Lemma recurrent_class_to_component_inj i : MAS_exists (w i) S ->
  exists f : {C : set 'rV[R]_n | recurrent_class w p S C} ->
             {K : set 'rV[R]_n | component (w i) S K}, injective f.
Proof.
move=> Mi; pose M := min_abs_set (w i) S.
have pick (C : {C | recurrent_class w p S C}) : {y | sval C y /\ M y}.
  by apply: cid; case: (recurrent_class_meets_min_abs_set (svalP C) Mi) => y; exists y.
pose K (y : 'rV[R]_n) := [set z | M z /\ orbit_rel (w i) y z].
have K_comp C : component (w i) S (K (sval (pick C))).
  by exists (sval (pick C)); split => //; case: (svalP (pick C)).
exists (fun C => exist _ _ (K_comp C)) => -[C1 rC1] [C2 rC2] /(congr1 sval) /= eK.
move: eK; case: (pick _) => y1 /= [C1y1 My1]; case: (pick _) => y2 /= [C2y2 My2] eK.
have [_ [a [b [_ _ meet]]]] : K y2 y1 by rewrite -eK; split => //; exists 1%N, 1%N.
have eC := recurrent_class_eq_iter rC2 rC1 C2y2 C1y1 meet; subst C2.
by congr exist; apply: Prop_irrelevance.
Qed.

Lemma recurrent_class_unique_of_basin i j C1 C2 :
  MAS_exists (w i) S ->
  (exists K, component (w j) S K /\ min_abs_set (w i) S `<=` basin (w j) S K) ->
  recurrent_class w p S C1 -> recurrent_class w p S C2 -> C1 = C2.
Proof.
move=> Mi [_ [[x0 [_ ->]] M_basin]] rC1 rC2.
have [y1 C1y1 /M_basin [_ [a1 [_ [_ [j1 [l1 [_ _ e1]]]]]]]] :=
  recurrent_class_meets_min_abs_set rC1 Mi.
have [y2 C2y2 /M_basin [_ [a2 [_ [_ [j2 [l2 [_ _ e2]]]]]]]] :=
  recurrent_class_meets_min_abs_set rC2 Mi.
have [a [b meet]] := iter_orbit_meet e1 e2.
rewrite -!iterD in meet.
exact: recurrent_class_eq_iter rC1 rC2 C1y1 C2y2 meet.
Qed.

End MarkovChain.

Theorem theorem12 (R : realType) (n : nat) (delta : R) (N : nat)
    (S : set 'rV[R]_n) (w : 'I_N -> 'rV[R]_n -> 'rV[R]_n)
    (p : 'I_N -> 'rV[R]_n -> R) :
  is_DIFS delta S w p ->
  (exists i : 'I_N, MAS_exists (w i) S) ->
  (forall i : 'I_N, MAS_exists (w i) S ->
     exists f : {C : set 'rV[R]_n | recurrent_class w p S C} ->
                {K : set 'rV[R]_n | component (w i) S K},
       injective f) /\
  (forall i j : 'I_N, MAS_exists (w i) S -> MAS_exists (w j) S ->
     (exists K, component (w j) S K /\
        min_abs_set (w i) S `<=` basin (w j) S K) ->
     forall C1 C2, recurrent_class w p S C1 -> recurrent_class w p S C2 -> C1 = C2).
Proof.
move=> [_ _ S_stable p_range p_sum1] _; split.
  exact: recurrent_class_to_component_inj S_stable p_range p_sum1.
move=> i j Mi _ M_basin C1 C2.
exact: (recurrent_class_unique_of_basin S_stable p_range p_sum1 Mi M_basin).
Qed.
****
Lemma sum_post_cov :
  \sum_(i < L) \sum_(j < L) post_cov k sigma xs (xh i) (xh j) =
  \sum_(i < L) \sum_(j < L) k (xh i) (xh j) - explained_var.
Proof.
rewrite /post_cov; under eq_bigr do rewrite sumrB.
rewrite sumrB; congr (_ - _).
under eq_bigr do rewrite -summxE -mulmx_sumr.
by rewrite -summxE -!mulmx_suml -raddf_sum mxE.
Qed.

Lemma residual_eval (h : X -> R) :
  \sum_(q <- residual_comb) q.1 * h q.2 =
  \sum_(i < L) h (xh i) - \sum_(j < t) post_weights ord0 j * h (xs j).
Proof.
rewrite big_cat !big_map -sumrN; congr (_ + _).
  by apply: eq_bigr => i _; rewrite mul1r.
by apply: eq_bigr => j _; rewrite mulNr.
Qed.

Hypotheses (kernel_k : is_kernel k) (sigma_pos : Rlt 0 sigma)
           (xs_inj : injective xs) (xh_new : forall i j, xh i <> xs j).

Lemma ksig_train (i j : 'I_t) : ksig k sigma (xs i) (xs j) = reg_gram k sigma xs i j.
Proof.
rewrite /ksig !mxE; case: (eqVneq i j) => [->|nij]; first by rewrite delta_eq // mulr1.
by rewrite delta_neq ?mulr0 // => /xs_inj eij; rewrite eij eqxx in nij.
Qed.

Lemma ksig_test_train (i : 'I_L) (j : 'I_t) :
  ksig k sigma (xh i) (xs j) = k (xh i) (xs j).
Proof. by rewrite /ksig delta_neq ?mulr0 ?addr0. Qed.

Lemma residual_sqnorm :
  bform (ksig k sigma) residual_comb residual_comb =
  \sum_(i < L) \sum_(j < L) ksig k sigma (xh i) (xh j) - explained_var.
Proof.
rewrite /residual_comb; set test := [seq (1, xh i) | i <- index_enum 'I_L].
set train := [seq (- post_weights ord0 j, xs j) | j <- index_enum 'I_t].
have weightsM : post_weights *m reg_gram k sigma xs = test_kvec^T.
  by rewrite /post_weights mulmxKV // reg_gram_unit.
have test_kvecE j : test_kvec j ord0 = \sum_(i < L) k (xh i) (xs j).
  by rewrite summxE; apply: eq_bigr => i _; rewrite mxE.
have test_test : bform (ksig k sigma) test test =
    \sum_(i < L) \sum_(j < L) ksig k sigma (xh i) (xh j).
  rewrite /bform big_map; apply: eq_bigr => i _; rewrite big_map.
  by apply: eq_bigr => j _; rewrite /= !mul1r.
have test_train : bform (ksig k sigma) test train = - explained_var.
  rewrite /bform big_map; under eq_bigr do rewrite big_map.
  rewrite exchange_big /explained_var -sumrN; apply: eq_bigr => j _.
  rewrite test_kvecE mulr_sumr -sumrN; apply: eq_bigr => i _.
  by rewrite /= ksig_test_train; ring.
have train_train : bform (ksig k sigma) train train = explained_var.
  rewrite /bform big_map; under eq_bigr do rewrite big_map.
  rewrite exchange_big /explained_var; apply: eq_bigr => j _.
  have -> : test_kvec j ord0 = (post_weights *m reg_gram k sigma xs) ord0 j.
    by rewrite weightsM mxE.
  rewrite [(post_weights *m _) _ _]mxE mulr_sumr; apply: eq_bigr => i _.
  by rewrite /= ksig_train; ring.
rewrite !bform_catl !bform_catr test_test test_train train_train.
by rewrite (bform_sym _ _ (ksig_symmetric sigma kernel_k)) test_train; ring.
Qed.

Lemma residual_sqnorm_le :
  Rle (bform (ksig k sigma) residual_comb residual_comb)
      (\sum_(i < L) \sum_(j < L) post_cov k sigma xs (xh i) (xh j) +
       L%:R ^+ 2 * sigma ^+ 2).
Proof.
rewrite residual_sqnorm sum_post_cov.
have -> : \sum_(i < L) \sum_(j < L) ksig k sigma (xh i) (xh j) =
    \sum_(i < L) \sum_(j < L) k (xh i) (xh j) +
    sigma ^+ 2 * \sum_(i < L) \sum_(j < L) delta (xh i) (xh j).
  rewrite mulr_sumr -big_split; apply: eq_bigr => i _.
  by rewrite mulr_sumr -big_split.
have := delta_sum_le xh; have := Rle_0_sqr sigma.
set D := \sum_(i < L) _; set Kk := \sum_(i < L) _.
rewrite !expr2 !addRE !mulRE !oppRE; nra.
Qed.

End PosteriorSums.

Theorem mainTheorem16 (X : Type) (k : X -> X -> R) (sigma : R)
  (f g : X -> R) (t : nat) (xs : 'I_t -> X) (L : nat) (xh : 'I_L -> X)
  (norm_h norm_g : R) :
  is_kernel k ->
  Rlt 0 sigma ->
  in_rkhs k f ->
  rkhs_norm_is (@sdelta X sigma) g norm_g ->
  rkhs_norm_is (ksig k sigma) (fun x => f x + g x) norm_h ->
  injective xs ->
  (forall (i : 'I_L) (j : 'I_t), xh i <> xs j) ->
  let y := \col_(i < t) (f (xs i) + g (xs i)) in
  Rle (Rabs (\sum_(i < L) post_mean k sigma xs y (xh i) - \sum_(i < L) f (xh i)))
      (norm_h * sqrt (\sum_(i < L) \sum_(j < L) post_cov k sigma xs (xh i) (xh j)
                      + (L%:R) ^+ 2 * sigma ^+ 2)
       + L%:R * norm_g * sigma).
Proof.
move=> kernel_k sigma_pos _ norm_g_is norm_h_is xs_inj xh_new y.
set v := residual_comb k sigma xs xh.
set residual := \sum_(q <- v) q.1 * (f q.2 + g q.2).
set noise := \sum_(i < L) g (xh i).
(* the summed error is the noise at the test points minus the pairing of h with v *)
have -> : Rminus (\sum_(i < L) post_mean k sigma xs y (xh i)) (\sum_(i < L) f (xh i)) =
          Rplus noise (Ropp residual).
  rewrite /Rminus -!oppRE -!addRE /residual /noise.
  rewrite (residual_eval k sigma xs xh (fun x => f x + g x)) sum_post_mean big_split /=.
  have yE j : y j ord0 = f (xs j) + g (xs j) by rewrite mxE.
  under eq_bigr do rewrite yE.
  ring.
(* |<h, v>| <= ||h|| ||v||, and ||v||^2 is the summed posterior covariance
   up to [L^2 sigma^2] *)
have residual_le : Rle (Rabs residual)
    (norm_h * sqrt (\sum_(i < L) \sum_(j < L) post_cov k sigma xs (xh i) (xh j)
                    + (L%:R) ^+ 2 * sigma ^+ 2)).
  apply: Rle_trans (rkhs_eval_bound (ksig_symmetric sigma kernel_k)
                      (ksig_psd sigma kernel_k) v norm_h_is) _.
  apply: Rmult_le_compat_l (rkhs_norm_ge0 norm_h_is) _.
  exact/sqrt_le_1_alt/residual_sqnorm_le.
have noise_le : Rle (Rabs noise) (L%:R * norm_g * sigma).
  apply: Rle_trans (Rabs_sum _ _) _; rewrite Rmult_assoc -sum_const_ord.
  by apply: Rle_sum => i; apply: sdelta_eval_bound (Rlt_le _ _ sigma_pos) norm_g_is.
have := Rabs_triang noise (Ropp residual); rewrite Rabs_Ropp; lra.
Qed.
****
- **REQUIRED ACTION**
From the material above, set down exactly the lines starting at the one with "rewrite /Rminus -!oppRE" and ending at the one with "sigma ^+ 2)).", end lines included.

- **EXERCISE RESULT**
  rewrite /Rminus -!oppRE -!addRE /residual /noise.
  rewrite (residual_eval k sigma xs xh (fun x => f x + g x)) sum_post_mean big_split /=.
  have yE j : y j ord0 = f (xs j) + g (xs j) by rewrite mxE.
  under eq_bigr do rewrite yE.
  ring.
(* |<h, v>| <= ||h|| ||v||, and ||v||^2 is the summed posterior covariance
   up to [L^2 sigma^2] *)
have residual_le : Rle (Rabs residual)
    (norm_h * sqrt (\sum_(i < L) \sum_(j < L) post_cov k sigma xs (xh i) (xh j)
                    + (L%:R) ^+ 2 * sigma ^+ 2)).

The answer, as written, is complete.